Trap rock, also known as either trapp or trap, is any dark-colored, fine-grained, non-granitic intrusive or extrusive igneous rock. Types of trap rock include basalt, peridotite, diabase, and gabbro. Trap is also used to refer to flood (plateau) basalts, such as the Deccan Traps and Siberian Traps. The erosion of trap rock created by the stacking of successive lava flows often creates a distinct stairstep landscape from which the term trap was derived from the Swedish word trappa, which means "stairs".

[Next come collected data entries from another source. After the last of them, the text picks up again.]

Lemma near0_mul_ge0_eq0 (E : R -> R) : {for 0, continuous E} ->
  (\forall t \near 0, 0 <= t * E t) -> E 0 = 0.
Proof.
move=> cE tE.
have nonzero (P : R -> Prop) : (\forall t \near 0, P t) -> exists t, P t /\ 0 < t /\ P (- t).
  case/nbhs_norm0P => e e0 Pe.
  have e2 : 0 < e / 2 by rewrite divr_gt0.
  have lt_e : `|e / 2| < e by rewrite gtr0_norm // ltr_pdivrMr // ltr_pMr ?ltr1n.
  by exists (e / 2); split; [|split]; [apply: Pe | | apply: Pe; rewrite /= normrN].
have [E0|E0|//] := ltgtP (E 0) 0.
- have : \forall t \near 0, E t < 0 /\ 0 <= t * E t.
    by near=> t; split; [near: t; exact: (cvgr_lt (E 0) cE) | near: t; exact: tE].
  case/nonzero => t [[Et tEt] [t0 _]]; move: tEt; rewrite pmulr_rge0 //; lra.
- have : \forall t \near 0, 0 < E t /\ 0 <= t * E t.
    by near=> t; split; [near: t; exact: (cvgr_gt (E 0) cE) | near: t; exact: tE].
  case/nonzero => t [_ [t0 [Et tEt]]]; move: tEt; rewrite mulNr oppr_ge0 pmulr_rle0 //; lra.
Unshelve. all: by end_near.
Qed.

End Entropy.

Section PairProblem.
Variable R : realType.
Implicit Types k l s t x y : R.

Definition pair_energy x y l k t :=
  entropy (x + t) + entropy (y - t) + l * t + k * t ^+ 2.

Definition pair_min x y l k := forall t, -1 <= x + t <= 1 -> -1 <= y - t <= 1 ->
  pair_energy x y l k 0 <= pair_energy x y l k t.

(* Minimality compared with the tangent lines of the convex entropy at x + t and y - t. *)
Lemma pair_min_slope x y l k t : pair_min x y l k -> -1 <= x <= 1 -> -1 <= y <= 1 ->
  -1 < x + t < 1 -> -1 < y - t < 1 ->
  0 <= t * (dentropy (x + t) - dentropy (y - t) + l + k * t).
Proof.
move=> xymin xb yb xt yt.
have Tx := entropy_tangent xt xb; have Ty := entropy_tangent yt yb.
have := xymin t ltac:(lra) ltac:(lra); rewrite /pair_energy addr0 subr0; lra.
Qed.

(* Moving mass s off the value 1 gains at least s (-ln s), which beats any O(s) cost. *)
Lemma pair_min_neq1 y l k : -1 <= y < 1 -> ~ pair_min 1 y l k.
Proof.
case/andP=> y1 y2 ymin.
pose K := dentropy ((1 + y) / 2) + `|l| + `|k|.
pose s := Num.min (Num.min ((1 - y) / 2) 1) (expR (- (K + 1))).
have s0 : 0 < s by rewrite !lt_min expR_gt0 ltr01 andbT divr_gt0 //; lra.
have s1 : s <= 1 by rewrite !ge_min lexx orbT.
have s2 : s <= (1 - y) / 2 by rewrite !ge_min lexx.
have sK : K + 1 <= dentropy (1 - s).
  apply: le_trans (dentropy_ge_lnV s0 s1); rewrite lerNr -[X in _ <= X]expRK.
  by rewrite ler_ln ?posrE ?expR_gt0 // !ge_min lexx !orbT.
have ys : dentropy (y + s) <= dentropy ((1 + y) / 2) by apply: dentropy_le; lra.
have ks : k * s <= `|k|.
  by apply: le_trans (ler_norm _) _; rewrite normrM (gtr0_norm s0) ler_piMr.
have := ler_norm (- l); rewrite normrN => nl.
have := @pair_min_slope 1 y l k (- s) ymin ltac:(lra) ltac:(lra) ltac:(lra) ltac:(lra).
rewrite opprK mulNr oppr_ge0 pmulr_rle0 //; rewrite /K in sK; lra.
Qed.

Lemma pair_min_neqN1 y l k : -1 < y <= 1 -> ~ pair_min (-1) y l k.
Proof.
move=> yb ymin; apply: (@pair_min_neq1 (- y) (- l) k); first lra.
move=> t xt yt; have := ymin (- t) ltac:(lra) ltac:(lra); rewrite /pair_energy.
rewrite -(entropyN (-1 + 0)) -(entropyN (y - 0)) -(entropyN (-1 + - t)) -(entropyN (y - - t)).
by rewrite !opprD !opprK !mulrN !mulNr sqrrN !expr0n /= !mulr0 !oppr0 !addr0.
Qed.

Lemma pair_min_stationary x y l k : -1 < x < 1 -> -1 < y < 1 -> pair_min x y l k ->
  dentropy x - dentropy y + l = 0.
Proof.
move=> xb yb xymin.
pose E t := dentropy (x + t) - dentropy (y - t) + l + k * t.
have -> : dentropy x - dentropy y + l = E 0 by rewrite /E addr0 subr0 mulr0 addr0.
apply: near0_mul_ge0_eq0.
  apply: cvgD; last by apply: cvgM; [exact: cvg_cst | exact: cvg_id].
  apply: cvgD; last exact: cvg_cst.
  apply: cvgB.
    apply: (continuous_comp (f := fun t => x + t)).
      by apply: cvgD; [exact: cvg_cst | exact: cvg_id].
    by rewrite /= addr0; exact: dentropy_continuous.
  apply: (continuous_comp (f := fun t => y - t)).
    by apply: cvgB; [exact: cvg_cst | exact: cvg_id].
  by rewrite /= subr0; exact: dentropy_continuous.
pose d := Num.min (Num.min (1 - x) (1 + x)) (Num.min (1 - y) (1 + y)).
have d0 : 0 < d by rewrite /d !lt_min; lra.
have dle : [/\ d <= 1 - x, d <= 1 + x, d <= 1 - y & d <= 1 + y].
  by rewrite /d !ge_min !lexx !orbT.
near=> t.
have : `|t| < d by near: t; exact: (@nbhs0_lt R R).
have := ler_norm t; have := ler_norm (- t); rewrite normrN.
case: dle => *; apply: pair_min_slope => //; lra.
Unshelve. all: by end_near.
Qed.

End PairProblem.

Section LaplaceInverse.
Variables (R : realType) (n : nat).
Local Notation cell := (cell n).
Local Notation ncell := #|{: cell}|.

Definition field_of_row (v : 'rV[R]_ncell) : cell -> R := fun x => v ord0 (enum_rank x).
Definition row_of_field (u : cell -> R) : 'rV[R]_ncell := \row_p u (enum_val p).

Lemma row_of_fieldK : cancel row_of_field field_of_row.
Proof. by move=> u; apply: funext => x; rewrite /field_of_row mxE enum_rankK. Qed.

Lemma sum_enum_rank (F : 'I_ncell -> R) : \sum_p F p = \sum_(x : cell) F (enum_rank x).
Proof. exact: (reindex enum_rank (onW_bij _ (enum_rank_bij _))). Qed.

Lemma ncell_gt0 : (0 < ncell)%N.
Proof. by rewrite !card_prod card_ord !muln_gt0. Qed.

Lemma lap_sum h (r : seq 'I_ncell) (c : 'I_ncell -> R) (w : 'I_ncell -> cell -> R) x :
  lap h (fun y => \sum_(p <- r) c p * w p y) x = \sum_(p <- r) c p * lap h (w p) x.
Proof.
elim: r => [|p r IH]; first by rewrite /lap !big_nil; ring.
by rewrite /lap !big_cons in IH *; rewrite -IH; ring.
Qed.

Definition lapmx h : 'M[R]_ncell :=
  \matrix_(p, q) lap h (field_of_row (delta_mx 0 p)) (enum_val q).

Lemma mul_lapmx h (v : 'rV_ncell) : v *m lapmx h = row_of_field (lap h (field_of_row v)).
Proof.
apply/rowP => q; rewrite !mxE.
under eq_bigr do rewrite mxE.
rewrite -lap_sum; congr lap; apply: funext => x.
rewrite /field_of_row (bigD1 (enum_rank x)) //= mxE !eqxx mulr1 big1 ?addr0 //.
by move=> p px; rewrite mxE [_ == p]eq_sym (negbTE px) andbF mulr0.
Qed.

Definition ones : 'cV[R]_ncell := const_mx 1.

Lemma mul_ones (v : 'rV_ncell) : (v *m ones) ord0 ord0 = \sum_x field_of_row v x.
Proof.
by rewrite mxE sum_enum_rank; apply: eq_bigr => x _; rewrite mxE mulr1 [ord0]ord1.
Qed.

Lemma rank_ones : \rank ones = 1%N.
Proof.
apply/eqP; rewrite eqn_leq rank_leq_col lt0n mxrank_eq0.
by apply/eqP => /matrixP /(_ (Ordinal ncell_gt0) ord0); rewrite !mxE => /eqP; rewrite oner_eq0.
Qed.

Lemma lapmx_sum0 h : (lapmx h <= kermx ones)%MS.
Proof.
rewrite sub_kermx; apply/eqP/matrixP => p j; rewrite mxE [RHS]mxE.
under eq_bigr do rewrite !mxE mulr1.
by rewrite sum_enum_rank (eq_bigr _ (fun x _ => congr1 _ (enum_rankK x))) sum_lap.
Qed.

Lemma kermx_lapmx h : h != 0 -> (kermx (lapmx h) <= ones^T)%MS.
Proof.
move=> h0; apply/row_subP => i.
have : row i (kermx (lapmx h)) *m lapmx h = 0 by rewrite -row_mul mulmx_ker row0.
move: (row i _) => r rK.
have lap0 x : lap h (field_of_row r) x = 0.
  have := congr1 (fun m : 'rV[R]_ncell => m ord0 (enum_rank x)) (mul_lapmx h r).
  by rewrite rK !mxE enum_rankK.
have -> : r = field_of_row r (ord0, ord0, ord0) *: ones^T.
  apply/rowP => p; rewrite !mxE mulr1 -(lap_eq0_const h0 lap0 (enum_val p)).
  by rewrite /field_of_row enum_valK [ord0]ord1.
exact: scalemx_sub.
Qed.

Lemma lapmx_kermx_ones h : h != 0 -> (kermx ones <= lapmx h)%MS.
Proof.
move=> h0; rewrite -(mxrank_leqif_sup (lapmx_sum0 h)).2 eqn_leq mxrankS ?lapmx_sum0 //=.
have := mxrankS (kermx_lapmx h0); rewrite mxrank_tr !mxrank_ker !rank_ones.
by have := rank_leq_row (lapmx h); lia.
Qed.

Definition lapinv h (f : cell -> R) : cell -> R :=
  field_of_row (row_of_field f *m pinvmx (lapmx h)).

Lemma lapinvE h (f : cell -> R) x :
  lapinv h f x = \sum_p f (enum_val p) * pinvmx (lapmx h) p (enum_rank x).
Proof. by rewrite /lapinv /field_of_row mxE; apply: eq_bigr => p _; rewrite mxE. Qed.

Lemma lapinv_lin h (f g : cell -> R) c x :
  lapinv h (fun y => f y + c * g y) x = lapinv h f x + c * lapinv h g x.
Proof. by rewrite !lapinvE mulr_sumr -big_split; apply: eq_bigr => p _ /=; ring. Qed.

Lemma lapinvK h (f : cell -> R) : h != 0 -> \sum_x f x = 0 -> lap h (lapinv h f) = f.
Proof.
move=> h0 f0.
have f_ker : (row_of_field f <= kermx ones)%MS.
  rewrite sub_kermx; apply/eqP/matrixP => i j.
  by rewrite !ord1 mul_ones row_of_fieldK mxE.
rewrite -[RHS]row_of_fieldK -[in RHS](mulmxKpV (submx_trans f_ker (lapmx_kermx_ones h0))).
by rewrite mul_lapmx row_of_fieldK.
Qed.

End LaplaceInverse.

Section Energy.
Variables (R : realType) (n : nat) (h dt eps th : R) (phi0 : cell n -> R).
Hypothesis h0 : h != 0.
Local Notation cell := (cell n).

Lemma sum_mul_lapinvC (f d : cell -> R) : \sum_x f x = 0 -> \sum_x d x = 0 ->
  \sum_x f x * lapinv h d x = \sum_x d x * lapinv h f x.
Proof.
move=> f0 d0.
have -> : \sum_x f x * lapinv h d x = \sum_x lapinv h d x * lap h (lapinv h f) x.
  by rewrite (lapinvK h0 f0); apply: eq_bigr => x _; rewrite mulrC.
by rewrite sum_mul_lapC (lapinvK h0 d0); apply: eq_bigr => x _; rewrite mulrC.
Qed.

(* -<f, lapinv f> = ||f||_{-1}^2 and -<u, lap u> = ||grad_h u||^2, without the factor h^3. *)
Definition quad_energy (u : cell -> R) : R :=
  - (dt^-1 / 2) * \sum_x (u x - phi0 x) * lapinv h (fun y => u y - phi0 y) x
  - th * \sum_x phi0 x * u x - eps ^+ 2 / 2 * \sum_x u x * lap h u x.

Definition energy (u : cell -> R) : R := \sum_x entropy (u x) + quad_energy u.

Definition dquad_energy (u : cell -> R) (x : cell) : R :=
  - dt^-1 * lapinv h (fun y => u y - phi0 y) x - th * phi0 x - eps ^+ 2 * lap h u x.

Definition curvature (d : cell -> R) : R :=
  - (dt^-1 / 2) * \sum_x d x * lapinv h d x - eps ^+ 2 / 2 * \sum_x d x * lap h d x.

Lemma quad_energy_expand (u d : cell -> R) t :
  \sum_x u x = \sum_x phi0 x -> \sum_x d x = 0 ->
  quad_energy (fun x => u x + t * d x) =
  quad_energy u + t * \sum_x d x * dquad_energy u x + t ^+ 2 * curvature d.
Proof.
move=> umass d0.
have f0 : \sum_x (u x - phi0 x) = 0 by rewrite sumrB umass subrr.
have := sum_quadratic_expand (L := lapinv h) (fun x => lapinv_lin h _ _ _ x)
  (sum_mul_lapinvC f0 d0).
have := sum_quadratic_expand (L := lap h) (fun x => lap_lin h _ _ _ x) (sum_mul_lapC h d u).
have shiftE : (fun y => u y + t * d y - phi0 y) = (fun y => u y - phi0 y + t * d y).
  by apply: funext => y; ring.
rewrite /quad_energy /dquad_energy /curvature shiftE => -> dev_expand.
have -> : \sum_x (u x + t * d x - phi0 x) * lapinv h (fun y => u y - phi0 y + t * d y) x
    = \sum_x (u x - phi0 x + t * d x) * lapinv h (fun y => u y - phi0 y + t * d y) x.
  by apply: eq_bigr => x _; congr (_ * _); ring.
rewrite dev_expand.
have -> : \sum_x phi0 x * (u x + t * d x) = \sum_x phi0 x * u x + t * \sum_x phi0 x * d x.
  by rewrite mulr_sumr -big_split; apply: eq_bigr => x _ /=; ring.
have -> : \sum_x d x * (- dt^-1 * lapinv h (fun y => u y - phi0 y) x - th * phi0 x
    - eps ^+ 2 * lap h u x) = - dt^-1 * \sum_x d x * lapinv h (fun y => u y - phi0 y) x
    - th * \sum_x phi0 x * d x - eps ^+ 2 * \sum_x d x * lap h u x.
  by rewrite !mulr_sumr -!sumrB; apply: eq_bigr => x _; ring.
by move: (dt^-1) => q; field.
Qed.

Lemma energy_transfer (u : cell -> R) a b t : a != b -> \sum_x u x = \sum_x phi0 x ->
  let l := dquad_energy u a - dquad_energy u b in let k := curvature (transfer a b) in
  energy (fun x => u x + t * transfer a b x) =
  energy u + pair_energy (u a) (u b) l k t - pair_energy (u a) (u b) l k 0.
Proof.
move=> ab umass l k.
have tra : transfer a b a = 1 :> R by rewrite /transfer eqxx (negbTE ab) subr0.
have trb : transfer a b b = -1 :> R by rewrite /transfer eqxx eq_sym (negbTE ab) sub0r.
have tro x : x != a -> x != b -> transfer a b x = 0 :> R.
  by move=> /negbTE xa /negbTE xb; rewrite /transfer xa xb subrr.
have lE : \sum_x transfer a b x * dquad_energy u x = l.
  rewrite (sum_supp2 ab) ?tra ?trb => [|x xa xb]; last by rewrite tro ?mul0r.
  by rewrite mul1r mulN1r.
have : \sum_x (entropy (u x + t * transfer a b x) - entropy (u x)) =
    (entropy (u a + t) - entropy (u a)) + (entropy (u b - t) - entropy (u b)).
  rewrite (sum_supp2 ab) ?tra ?trb => [|x xa xb]; last by rewrite tro ?mulr0 ?addr0 ?subrr.
  by rewrite mulr1 mulrN1.
rewrite sumrB /energy quad_energy_expand ?sum_transfer // lE /pair_energy.
by rewrite addr0 subr0 mulr0 expr0n /= mulr0 /k; lra.
Qed.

The slow cooling of magma either as a sill or as a thick lava flow sometimes creates systematic vertical fractures within the resulting layer of trap rock. These fractures often form rock columns that are typically hexagonal but could be four- to eight-sided.

==Uses==
Trap rock has a variety of uses. A major use for basalt is crushed stone for road and housing construction in concrete, macadam, and paving stones. Because of its insensitivity to chemical influences, resistance to mechanical stress, high dry relative density, frost resistance, and seawater resistance, trap rock is used as ballast for railroad track bed and hydraulic engineering rock (riprap) in coast and bank protection for paving embankments. It is also used for the production of cast rock that is used in corrosion and abrasion protection, such as for sewage pipes.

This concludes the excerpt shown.